I'd rather redownload a 50GB Bluray movie once in a 3 years than download every Bluray movie RAR'd, and have to deal with extra time and processing and wasted HDD space.
That said, I've only had a corrupt file one time out of thousands, and it was part of a RAR set dl via usenet. Never had anything corrupt via Bittorrent that wasn't already corrupt on the seeder's system.
well thats why you use Pars on Usenet, it fixes them.
and hmm extra time and processing, 5 minutes tops to unrar, HDD space is really cheap these days. so i dont see the problem at all.
5 minutes of my life gone, lets say per week, equals a total of about two weeks lost in a lifetime. Considering that, statistically, I'm less than halfway through my life... I could very well lose more than a week of my life this way.
That said, I'm sure I'm wasting much much more by hanging out here(avoids the math).

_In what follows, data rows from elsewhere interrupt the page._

Lemma Tline_meet_affine a b :
  (exists d e, qnorm q d + qnorm q e != 0 /\ prop (V3 a b 1) (Tline_meet d e)) <->
  a * frob q b = 1 /\ qnorm q b != 1.
Proof.
split=> [[d [e [N_de [k [_ [a_def b_def /esym k_def]]]]]] | [ab1 Nb1]].
  have fd0 : frob q d != 0.
    by apply: contra_eq_neq k_def => ->; rewrite mul0r oppr0 mulr0 eq_sym oner_neq0.
  have f2d0 : frob q (frob q d) != 0 by rewrite frob_eq0.
  have b_fd : b * frob q d = - frob q e.
    by rewrite b_def -[RHS]mulr1 -k_def; ring.
  have a_f2e : a * frob q (frob q e) = - frob q (frob q d).
    by rewrite a_def -[RHS]mulr1 -k_def; ring.
  split.
    apply: (mulIf f2d0); rewrite mul1r -mulrA -frobM b_fd frobN mulrN a_f2e.
    exact: opprK.
  apply: contraNneq N_de => Nb1.
  have /(congr1 (qnorm q)) := b_fd; rewrite qnormM qnormN !qnorm_frob Nb1 mul1r.
  by move=> ->; rewrite addNr.
have fb0 : frob q b != 0.
  by apply: contra_eq_neq ab1 => ->; rewrite mulr0 eq_sym oner_neq0.
exists 1, (- frob q (frob q b)); split.
  by rewrite qnormN !qnorm_frob /qnorm !frob1 !mul1r subr_eq0 eq_sym.
exists (frob q b)^-1; split; first by rewrite invr_eq0.
have -> : a = (frob q b)^-1 by apply: (mulIf fb0); rewrite ab1 mulVf.
rewrite /Tline_meet /scale !frob1 !frobN !frob3 /=.
by congr V3; field.
Qed.

Lemma inFig_T_affine a b p3 : p3 != 0 ->
  inFig q (T F) (scale p3 (V3 a b 1)) <-> a * frob q b = 1 /\ qnorm q b != 1.
Proof.
move=> p30; have p3_1 : p3 * 1 != 0 by rewrite mulr1.
rewrite inFig_TE; last by rewrite /onl /mT /dot /scale /= !mul0r !add0r mul1r; apply/eqP.
rewrite inFF_TE -Tline_meet_affine.
split=> [[_ [d [e [N_de P_meet]]]] | [d [e [N_de ab_meet]]]].
  by exists d, e; split; last exact/(prop_scalel _ _ _ p30).
split; first by case=> _ [_ /eqP]; rewrite (negbTE p3_1).
by exists d, e; split; last exact/(prop_scalel _ _ _ p30).
Qed.

Definition proj_vec a b x : vec3 F :=
  V3 (x - a * frob q (frob q x)) (frob q x - b * frob q (frob q x)) 0.

Definition proj_set a b R : Prop := exists x, x != 0 /\ prop R (proj_vec a b x).

Lemma frob_ptE x : frob_pt q x = V3 x (frob q x) (frob q (frob q x)).
Proof. by rewrite /frob_pt /frob -exprM expnS expn1. Qed.

Lemma proj_from_affine a b p3 R : p3 != 0 ->
  proj_from q (scale p3 (V3 a b 1)) R <-> proj_set a b R.
Proof.
move=> p30.
have projE x : cross (cross (scale p3 (V3 a b 1)) (frob_pt q x)) (mT F) =
               scale p3 (proj_vec a b x).
  by rewrite frob_ptE /cross /mT /scale /proj_vec /=; congr V3; ring.
by split=> -[x [x0 Rx]]; exists x; split=> //; move: Rx; rewrite projE prop_scaler.
Qed.

Lemma proj_vec_nz a b p3 x : p3 != 0 -> ~ inPsub q (scale p3 (V3 a b 1)) ->
  x != 0 -> nz (proj_vec a b x).
Proof.
move=> p30 P_off x0 [/eqP + [/eqP + _]]; rewrite !subr_eq0 => /eqP x_def /eqP fx_def.
apply: P_off.
have f2x0 : frob q (frob q x) != 0 by rewrite !frob_eq0.
exists x; split=> //; exists (p3 / frob q (frob q x)); split.
  by rewrite mulf_neq0 ?invr_eq0.
rewrite frob_ptE /scale /=.
by congr V3; [rewrite {2}x_def | rewrite {2}fx_def | idtac]; field.
Qed.

Lemma proj_vec_rescale a b x : a * frob q b = 1 ->
  let w := x - frob q (frob q b) * frob q x in
  scale w (proj_vec a b x) =
  V3 (w * frob q (frob q w) * - a) (frob q (w * frob q (frob q w))) 0.
Proof.
move=> ab1 w.
have fw : frob q w = frob q x - b * frob q (frob q x) by rewrite frobB frobM frob3.
have f2w : frob q (frob q w) = frob q (frob q x) - frob q b * x.
  by rewrite fw frobB frobM frob3.
rewrite /scale /proj_vec /= frobM frob3 f2w fw mulr0; congr V3; last exact: mulrC.
transitivity (w * (x * (a * frob q b) - a * frob q (frob q x))); last by ring.
by rewrite ab1 mulr1.
Qed.

Lemma proj_set_Tsls a b :
  a * frob q b = 1 -> qnorm q b != 1 -> is_Tsls q (proj_set a b).
Proof.
move=> ab1 Nb1; have Nf2b1 : qnorm q (frob q (frob q b)) != 1 by rewrite !qnorm_frob.
exists (- a); split.
  by rewrite oppr_eq0; apply: contra_eq_neq ab1 => ->; rewrite mul0r eq_sym oner_neq0.
move=> R _; split.
  case=> x [x0 R_x]; have := proj_vec_rescale a b x ab1; set w := _ - _ => w_proj.
  have w0 : w != 0.
    by apply: contra_neq x0 => /eqP; rewrite subr_eq0 => /eqP/(frob_twist_eq0 _ _ Nf2b1).
  exists (w * frob q (frob q w)); split; first by rewrite mulf_neq0 // !frob_eq0.
  apply: prop_trans R_x _; apply/prop_sym; exists w; split=> //; exact: w_proj.
case=> y [y0 R_y].
pose w := frob q (frob q y^-1); have w0 : w != 0 by rewrite !frob_eq0 invr_eq0.
have [x x_w] := frob_twist_surj (frob q (frob q b)) w Nf2b1.
have x0 : x != 0 by apply: contra_neq w0 => x0; rewrite -x_w x0 frob0 mulr0 subrr.
have := proj_vec_rescale a b x ab1; rewrite x_w => w_proj.
have N_w_y : w * frob q (frob q w) = qnorm q w * y.
  by rewrite /qnorm /w !frob3; field.
exists x; split=> //; apply: prop_trans R_y _.
apply: (@prop_trans _ _ (scale (qnorm q w) (V3 (y * - a) (y ^+ q) 0))).
  by apply/prop_sym/prop_scale; rewrite qnorm_eq0.
exists w; split=> //; rewrite w_proj N_w_y frobM frob_qnorm.
by rewrite /scale /= mulr0 mulrA.
Qed.

Lemma proj_set_Tsls_norm a b :
  (forall x, x != 0 -> nz (proj_vec a b x)) -> is_Tsls q (proj_set a b) ->
  exists2 th, th != 0 &
    (forall x, qnorm q (c1 (proj_vec a b x)) = qnorm q th * qnorm q (c2 (proj_vec a b x)))
    /\ (forall x, x != 0 -> c1 (proj_vec a b x) != 0).
Proof.
move=> proj_nz [th [th0 Tsls]]; exists th => //.
have proj_S x : x != 0 -> exists c y, [/\ c != 0, y != 0 &
    proj_vec a b x = scale c (V3 (y * th) (frob q y) 0)].
  move=> x0; have /(Tsls _ (proj_nz x x0)) : proj_set a b (proj_vec a b x).
    by exists x; split=> //; exact: prop_refl.
  by case=> y [y0 [c [c0 proj_def]]]; exists c, y.
split=> [x | x x0].
  have [->|x0] := eqVneq x 0.
    by rewrite /proj_vec /= !frob0 !mulr0 !subrr /qnorm !frob0 !mul0r mulr0.
  have [c [y [_ _ ->]]] := proj_S x x0.
  by rewrite /= !qnormM qnorm_frob; ring.
have [c [y [c0 y0 ->]]] := proj_S x x0.
by rewrite /= !mulf_neq0.
Qed.

Lemma proj_norm_identity_coef a b n :
  (forall x, qnorm q (c1 (proj_vec a b x)) = n * qnorm q (c2 (proj_vec a b x))) ->
  a = - n * (b * frob q (frob q b)) /\ a * frob q a = - n * b.
Proof.
move=> norm_id.
set a' := frob q a; set a'' := frob q (frob q a).
set b' := frob q b; set b'' := frob q (frob q b).
pose s := [:: (1 - a * a' * a'' - n * (1 - b * b' * b''), (1 + q * 1 + q * q * 1)%N);
  (- a'' - n * (b' * b''), (1 + q * 2 + q * q * 0)%N);
  (- a' - n * (b * b'), (2 + q * 0 + q * q * 1)%N);
  (a' * a'' + n * b', (2 + q * 1 + q * q * 0)%N);
  (- a - n * (b * b''), (0 + q * 1 + q * q * 2)%N);
  (a * a'' + n * b'', (0 + q * 2 + q * q * 1)%N);
  (a * a' + n * b, (1 + q * 0 + q * q * 2)%N)].
have monomial x i j k : x ^+ i * frob q x ^+ j * frob q (frob q x) ^+ k =
    x ^+ (i + q * j + q * q * k).
  by rewrite /frob -!exprM !exprD mulnA.
have : all (fun ce => ce.1 == 0) s.
  apply: fin_monomials_free => [||x].
  - by rewrite /= !addn_gt0 !muln_gt0 (ltnW q_gt1) ?orbT.
  - by rewrite card_F cubic_exponents_uniq ?q_gt1.
  rewrite !big_cons big_nil addr0 -!monomial /= !addrA -cubic_norm_form_expansion.
  transitivity (qnorm q (c1 (proj_vec a b x)) - n * qnorm q (c2 (proj_vec a b x))).
    by rewrite /qnorm /proj_vec /= !frobB !frobM !frob3.
  by rewrite norm_id subrr.
rewrite /= => /and5P[_ _ _ _ /and3P[/eqP c4 _ /andP[/eqP c6 _]]].
split; apply/eqP; rewrite -subr_eq0; [rewrite -oppr_eq0|]; apply/eqP.
  by rewrite -[RHS]c4; ring.
by rewrite -[RHS]c6; ring.
Qed.

Lemma qnorm1_twisted_root a :
  qnorm q a = 1 -> exists2 x, x != 0 & x = a * frob q (frob q x).
Proof.
move=> Na1; pose L x := x + a * frob q (frob q x) + a * frob q (frob q a) * frob q x.
have [x1 Lx1 | L0] := pickP (fun x => L x != 0).
  (* x - a x^q^2 takes the value (1 - N(a)) x1 at L x1 *)
  exists (L x1) => //; apply/eqP; rewrite -subr_eq0 /L !frobD !frobM !frob3.
  apply/eqP; transitivity (x1 * (1 - qnorm q a)); last by rewrite Na1 subrr mulr0.
  by rewrite /qnorm; ring.
have : all (fun ce => ce.1 == 0) [:: (1, 1%N); (a, (q * q)%N); (a * frob q (frob q a), q)].
  apply: fin_monomials_free => [||x].
  - by rewrite /= !muln_gt0 (ltnW q_gt1).
  - by rewrite card_F frob_exponents_uniq ?q_gt1.
  have /negbFE/eqP := L0 x; rewrite /L /frob -exprM.
  by rewrite !big_cons big_nil /= mul1r expr1 addr0 addrA.
by rewrite /= oner_eq0.
Qed.

Lemma proj_set_Tsls_inv a b : ~ (a = 0 /\ b = 0) ->
  (forall x, x != 0 -> nz (proj_vec a b x)) -> is_Tsls q (proj_set a b) ->
  a * frob q b = 1 /\ qnorm q b != 1.
Proof.
move=> ab_nz proj_nz Tsls.
have [th th0 [norm_id c1_nz]] := proj_set_Tsls_norm a b proj_nz Tsls.
have [a_def aa_def] := proj_norm_identity_coef a b _ norm_id.
set n := qnorm q th in a_def aa_def.
have n0 : n != 0 by rewrite qnorm_eq0.
have b0 : b != 0.
  by apply: contra_not_neq ab_nz => b0; rewrite a_def b0 !mul0r mulr0.
have fa_def : frob q a = - n * (frob q b * b).
  by rewrite a_def !frobM frobN frob_qnorm frob3.
have nNb : n * qnorm q b = -1.
  apply: (mulfI n0); apply: (mulIf b0).
  transitivity (a * frob q a); last by rewrite aa_def; ring.
  by rewrite fa_def {1}a_def /qnorm; ring.
have ab1 : a * frob q b = 1 by rewrite a_def -[RHS]opprK -nNb /qnorm; ring.
split=> //; apply/negP => /eqP Nb1.
have Na1 : qnorm q a = 1.
  have /(congr1 (qnorm q)) := ab1; rewrite qnormM qnorm_frob Nb1 mulr1 => ->.
  by rewrite /qnorm !frob1 !mulr1.
have [x x0 x_root] := qnorm1_twisted_root a Na1.
by have := c1_nz x x0; rewrite /proj_vec /= -x_root subrr eqxx.
Qed.

End CubicExtension.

I always hate packaging. It's extra crap. That said, I actually sold or gave away all of my DVDs because I hated the idea of having that extra garbage around - I prefer to just have it in digital format on a more efficient storage platform, takes up less space that way. Yes, I'm a minimalist.
The Bittorrent protocol already has its ways to check the data which is being transferred. FTP doesn't have integrity check and it doesn't handle pieces as bittorrent, so if you get a corrupted file or the transfer is interrupted you must download the whole file again because the receiver has no way to know if the received file is complete or not. Usenet is even older than FTP and that's why the standard method of uploading binary content to Usenet is to first archive the files into RAR archives then create some parchive files. That's why RAR files exist, because most of the warez were/are created by their providers for either FTP sites or Newsgroups.
http://wiki.theory.org/index.php/Bit...File_Structure
The peer distributing a data file treats the file as a number of identically-sized pieces, typically between 64 kB and 4 MB each. The peer creates a checksum for each piece, using the SHA1 hashing algorithm, and records it in the torrent file. Pieces with sizes greater than 512 kB will reduce the size of a torrent file for a very large payload, but is claimed to reduce the efficiency of the protocol
Corruption of files could happen even with torrents. But it's pretty annoying to unrar my files after I download something. I don't have any problem to check the pieces of a torrent if it would ever be needed. Actually, I think I did it a couple of times, but I have had to unrar hundreds of times
personally imho the files should be rared especially the video files, apart from efficiency and security, there are many problems u can come across if video files are not rared.
Rarred or Unrarred? It does not matter at all to me.